Saved entries
───

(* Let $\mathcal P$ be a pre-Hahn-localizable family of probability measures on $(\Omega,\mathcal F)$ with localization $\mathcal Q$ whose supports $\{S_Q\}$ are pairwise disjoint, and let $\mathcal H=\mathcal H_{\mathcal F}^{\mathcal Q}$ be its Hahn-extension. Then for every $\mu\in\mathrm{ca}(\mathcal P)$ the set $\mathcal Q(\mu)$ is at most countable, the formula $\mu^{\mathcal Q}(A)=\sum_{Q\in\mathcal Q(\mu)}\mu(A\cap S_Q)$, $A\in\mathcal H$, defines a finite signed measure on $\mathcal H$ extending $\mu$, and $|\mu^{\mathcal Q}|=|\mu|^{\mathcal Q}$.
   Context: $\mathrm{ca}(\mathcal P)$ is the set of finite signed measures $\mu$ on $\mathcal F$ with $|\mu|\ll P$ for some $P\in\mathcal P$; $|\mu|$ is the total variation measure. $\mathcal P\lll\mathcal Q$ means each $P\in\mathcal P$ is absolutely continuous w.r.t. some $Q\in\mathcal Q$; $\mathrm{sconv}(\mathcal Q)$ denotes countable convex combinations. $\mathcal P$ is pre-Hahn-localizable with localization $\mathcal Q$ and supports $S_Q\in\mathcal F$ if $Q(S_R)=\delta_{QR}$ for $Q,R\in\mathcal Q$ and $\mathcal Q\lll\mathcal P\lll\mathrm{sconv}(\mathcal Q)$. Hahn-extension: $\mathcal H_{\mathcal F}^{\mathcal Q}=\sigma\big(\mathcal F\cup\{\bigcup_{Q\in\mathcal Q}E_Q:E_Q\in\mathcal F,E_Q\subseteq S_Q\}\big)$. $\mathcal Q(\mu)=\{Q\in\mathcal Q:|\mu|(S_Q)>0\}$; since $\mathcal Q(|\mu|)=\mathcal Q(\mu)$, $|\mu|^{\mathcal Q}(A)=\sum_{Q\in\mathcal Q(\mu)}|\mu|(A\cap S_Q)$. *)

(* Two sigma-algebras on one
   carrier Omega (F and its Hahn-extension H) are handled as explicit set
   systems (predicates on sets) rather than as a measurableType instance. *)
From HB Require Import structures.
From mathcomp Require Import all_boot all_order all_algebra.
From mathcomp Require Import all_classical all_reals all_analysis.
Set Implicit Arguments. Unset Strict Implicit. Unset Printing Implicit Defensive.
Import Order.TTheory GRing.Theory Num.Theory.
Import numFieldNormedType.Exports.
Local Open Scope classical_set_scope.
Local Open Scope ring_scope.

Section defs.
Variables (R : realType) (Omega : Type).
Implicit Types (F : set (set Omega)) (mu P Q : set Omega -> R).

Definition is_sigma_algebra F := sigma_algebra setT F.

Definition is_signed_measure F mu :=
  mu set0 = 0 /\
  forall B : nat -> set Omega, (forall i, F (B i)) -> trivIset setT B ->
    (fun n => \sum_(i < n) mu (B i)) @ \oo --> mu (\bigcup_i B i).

───

-- WHAT TO DO --
Copy the records above exactly, starting at the line that contains "(* Two sigma-algebras on one" and ending at the last line, and leave out all earlier lines.

-- RESPONSE AREA --
(* Two sigma-algebras on one
   carrier Omega (F and its Hahn-extension H) are handled as explicit set
   systems (predicates on sets) rather than as a measurableType instance. *)
From HB Require Import structures.
From mathcomp Require Import all_boot all_order all_algebra.
From mathcomp Require Import all_classical all_reals all_analysis.
Set Implicit Arguments. Unset Strict Implicit. Unset Printing Implicit Defensive.
Import Order.TTheory GRing.Theory Num.Theory.
Import numFieldNormedType.Exports.
Local Open Scope classical_set_scope.
Local Open Scope ring_scope.

Section defs.
Variables (R : realType) (Omega : Type).
Implicit Types (F : set (set Omega)) (mu P Q : set Omega -> R).

Definition is_sigma_algebra F := sigma_algebra setT F.

Definition is_signed_measure F mu :=
  mu set0 = 0 /\
  forall B : nat -> set Omega, (forall i, F (B i)) -> trivIset setT B ->
    (fun n => \sum_(i < n) mu (B i)) @ \oo --> mu (\bigcup_i B i).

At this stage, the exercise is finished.